• _Task_: Each line below from the one containing "a derivative of" through the one containing "Lemma comp_mpolyA n" should be output exactly as it stands, and no other line should appear.

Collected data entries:
******

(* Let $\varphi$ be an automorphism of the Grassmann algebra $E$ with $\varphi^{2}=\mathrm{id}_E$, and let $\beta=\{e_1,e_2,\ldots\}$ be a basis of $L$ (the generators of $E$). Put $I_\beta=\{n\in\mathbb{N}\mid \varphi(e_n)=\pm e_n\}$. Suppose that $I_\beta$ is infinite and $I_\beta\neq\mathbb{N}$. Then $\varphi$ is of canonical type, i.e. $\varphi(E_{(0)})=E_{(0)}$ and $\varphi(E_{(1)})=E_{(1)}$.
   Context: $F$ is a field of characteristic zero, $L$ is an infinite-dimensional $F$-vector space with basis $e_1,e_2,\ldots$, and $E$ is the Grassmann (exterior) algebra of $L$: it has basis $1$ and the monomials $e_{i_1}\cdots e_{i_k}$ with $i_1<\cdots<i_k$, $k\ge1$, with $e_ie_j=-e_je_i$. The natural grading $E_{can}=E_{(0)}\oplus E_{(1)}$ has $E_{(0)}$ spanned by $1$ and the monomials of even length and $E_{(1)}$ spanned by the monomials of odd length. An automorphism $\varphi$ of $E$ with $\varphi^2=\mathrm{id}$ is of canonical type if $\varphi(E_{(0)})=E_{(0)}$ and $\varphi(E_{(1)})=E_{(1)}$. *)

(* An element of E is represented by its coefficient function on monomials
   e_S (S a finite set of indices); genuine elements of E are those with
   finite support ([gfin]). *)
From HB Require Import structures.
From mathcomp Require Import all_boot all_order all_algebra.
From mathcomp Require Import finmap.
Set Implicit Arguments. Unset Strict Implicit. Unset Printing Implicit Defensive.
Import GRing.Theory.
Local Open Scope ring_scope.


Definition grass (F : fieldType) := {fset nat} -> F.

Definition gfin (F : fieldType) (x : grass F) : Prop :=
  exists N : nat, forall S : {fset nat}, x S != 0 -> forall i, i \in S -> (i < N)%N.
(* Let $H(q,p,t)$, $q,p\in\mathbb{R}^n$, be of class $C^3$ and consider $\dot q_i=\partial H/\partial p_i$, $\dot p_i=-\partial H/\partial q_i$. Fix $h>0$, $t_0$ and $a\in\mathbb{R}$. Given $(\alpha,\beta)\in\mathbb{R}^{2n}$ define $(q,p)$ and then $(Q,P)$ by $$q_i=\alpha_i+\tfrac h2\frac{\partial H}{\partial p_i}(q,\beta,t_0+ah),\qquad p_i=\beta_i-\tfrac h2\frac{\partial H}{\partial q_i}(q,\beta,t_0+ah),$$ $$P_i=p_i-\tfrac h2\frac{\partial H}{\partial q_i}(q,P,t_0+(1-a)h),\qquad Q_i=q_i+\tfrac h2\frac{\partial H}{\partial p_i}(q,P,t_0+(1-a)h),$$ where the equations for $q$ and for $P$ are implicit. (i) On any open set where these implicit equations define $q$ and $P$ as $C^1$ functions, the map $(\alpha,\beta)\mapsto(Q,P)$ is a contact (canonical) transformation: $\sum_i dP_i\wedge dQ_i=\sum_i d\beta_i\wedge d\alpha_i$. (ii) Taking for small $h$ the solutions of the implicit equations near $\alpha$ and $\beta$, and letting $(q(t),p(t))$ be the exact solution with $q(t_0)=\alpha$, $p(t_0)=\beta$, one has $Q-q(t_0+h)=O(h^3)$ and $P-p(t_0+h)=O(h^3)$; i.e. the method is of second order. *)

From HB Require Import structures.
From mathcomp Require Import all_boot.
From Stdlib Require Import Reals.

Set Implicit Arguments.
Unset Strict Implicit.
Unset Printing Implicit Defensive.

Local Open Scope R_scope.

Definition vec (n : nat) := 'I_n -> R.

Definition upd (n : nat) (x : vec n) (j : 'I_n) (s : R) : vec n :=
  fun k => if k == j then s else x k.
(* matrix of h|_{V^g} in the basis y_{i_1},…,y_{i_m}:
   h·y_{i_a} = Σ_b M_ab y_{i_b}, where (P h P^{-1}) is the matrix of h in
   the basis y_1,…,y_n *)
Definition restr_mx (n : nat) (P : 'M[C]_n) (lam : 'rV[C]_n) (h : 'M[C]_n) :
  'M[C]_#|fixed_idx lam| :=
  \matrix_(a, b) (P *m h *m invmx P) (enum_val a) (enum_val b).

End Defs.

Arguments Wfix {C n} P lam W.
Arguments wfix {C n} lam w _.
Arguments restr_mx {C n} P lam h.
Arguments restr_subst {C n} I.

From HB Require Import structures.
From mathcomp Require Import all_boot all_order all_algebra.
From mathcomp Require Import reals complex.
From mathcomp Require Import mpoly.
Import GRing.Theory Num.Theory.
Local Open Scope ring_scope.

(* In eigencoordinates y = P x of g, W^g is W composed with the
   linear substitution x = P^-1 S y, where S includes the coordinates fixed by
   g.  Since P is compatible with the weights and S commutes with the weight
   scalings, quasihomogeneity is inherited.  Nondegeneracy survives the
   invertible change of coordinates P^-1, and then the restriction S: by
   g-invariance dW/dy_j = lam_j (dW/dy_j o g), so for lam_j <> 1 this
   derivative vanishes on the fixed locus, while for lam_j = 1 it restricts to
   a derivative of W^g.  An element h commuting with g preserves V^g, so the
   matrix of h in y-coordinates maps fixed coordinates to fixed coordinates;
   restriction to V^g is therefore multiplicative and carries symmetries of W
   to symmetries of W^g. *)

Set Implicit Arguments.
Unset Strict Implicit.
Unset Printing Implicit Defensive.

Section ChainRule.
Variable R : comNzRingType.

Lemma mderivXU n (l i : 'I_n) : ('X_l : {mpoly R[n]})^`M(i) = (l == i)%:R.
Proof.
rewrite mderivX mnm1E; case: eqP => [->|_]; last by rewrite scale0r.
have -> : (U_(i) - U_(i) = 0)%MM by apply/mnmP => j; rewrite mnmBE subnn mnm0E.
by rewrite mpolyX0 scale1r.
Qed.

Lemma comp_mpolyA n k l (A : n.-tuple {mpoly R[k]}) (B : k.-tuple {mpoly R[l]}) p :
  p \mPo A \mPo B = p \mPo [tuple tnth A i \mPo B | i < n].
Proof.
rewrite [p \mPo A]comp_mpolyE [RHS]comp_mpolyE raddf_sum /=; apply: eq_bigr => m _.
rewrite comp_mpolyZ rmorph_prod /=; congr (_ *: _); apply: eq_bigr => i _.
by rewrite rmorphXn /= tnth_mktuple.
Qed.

******

• _Result below_:
   a derivative of W^g.  An element h commuting with g preserves V^g, so the
   matrix of h in y-coordinates maps fixed coordinates to fixed coordinates;
   restriction to V^g is therefore multiplicative and carries symmetries of W
   to symmetries of W^g. *)

Set Implicit Arguments.
Unset Strict Implicit.
Unset Printing Implicit Defensive.

Section ChainRule.
Variable R : comNzRingType.

Lemma mderivXU n (l i : 'I_n) : ('X_l : {mpoly R[n]})^`M(i) = (l == i)%:R.
Proof.
rewrite mderivX mnm1E; case: eqP => [->|_]; last by rewrite scale0r.
have -> : (U_(i) - U_(i) = 0)%MM by apply/mnmP => j; rewrite mnmBE subnn mnm0E.
by rewrite mpolyX0 scale1r.
Qed.

Lemma comp_mpolyA n k l (A : n.-tuple {mpoly R[k]}) (B : k.-tuple {mpoly R[l]}) p :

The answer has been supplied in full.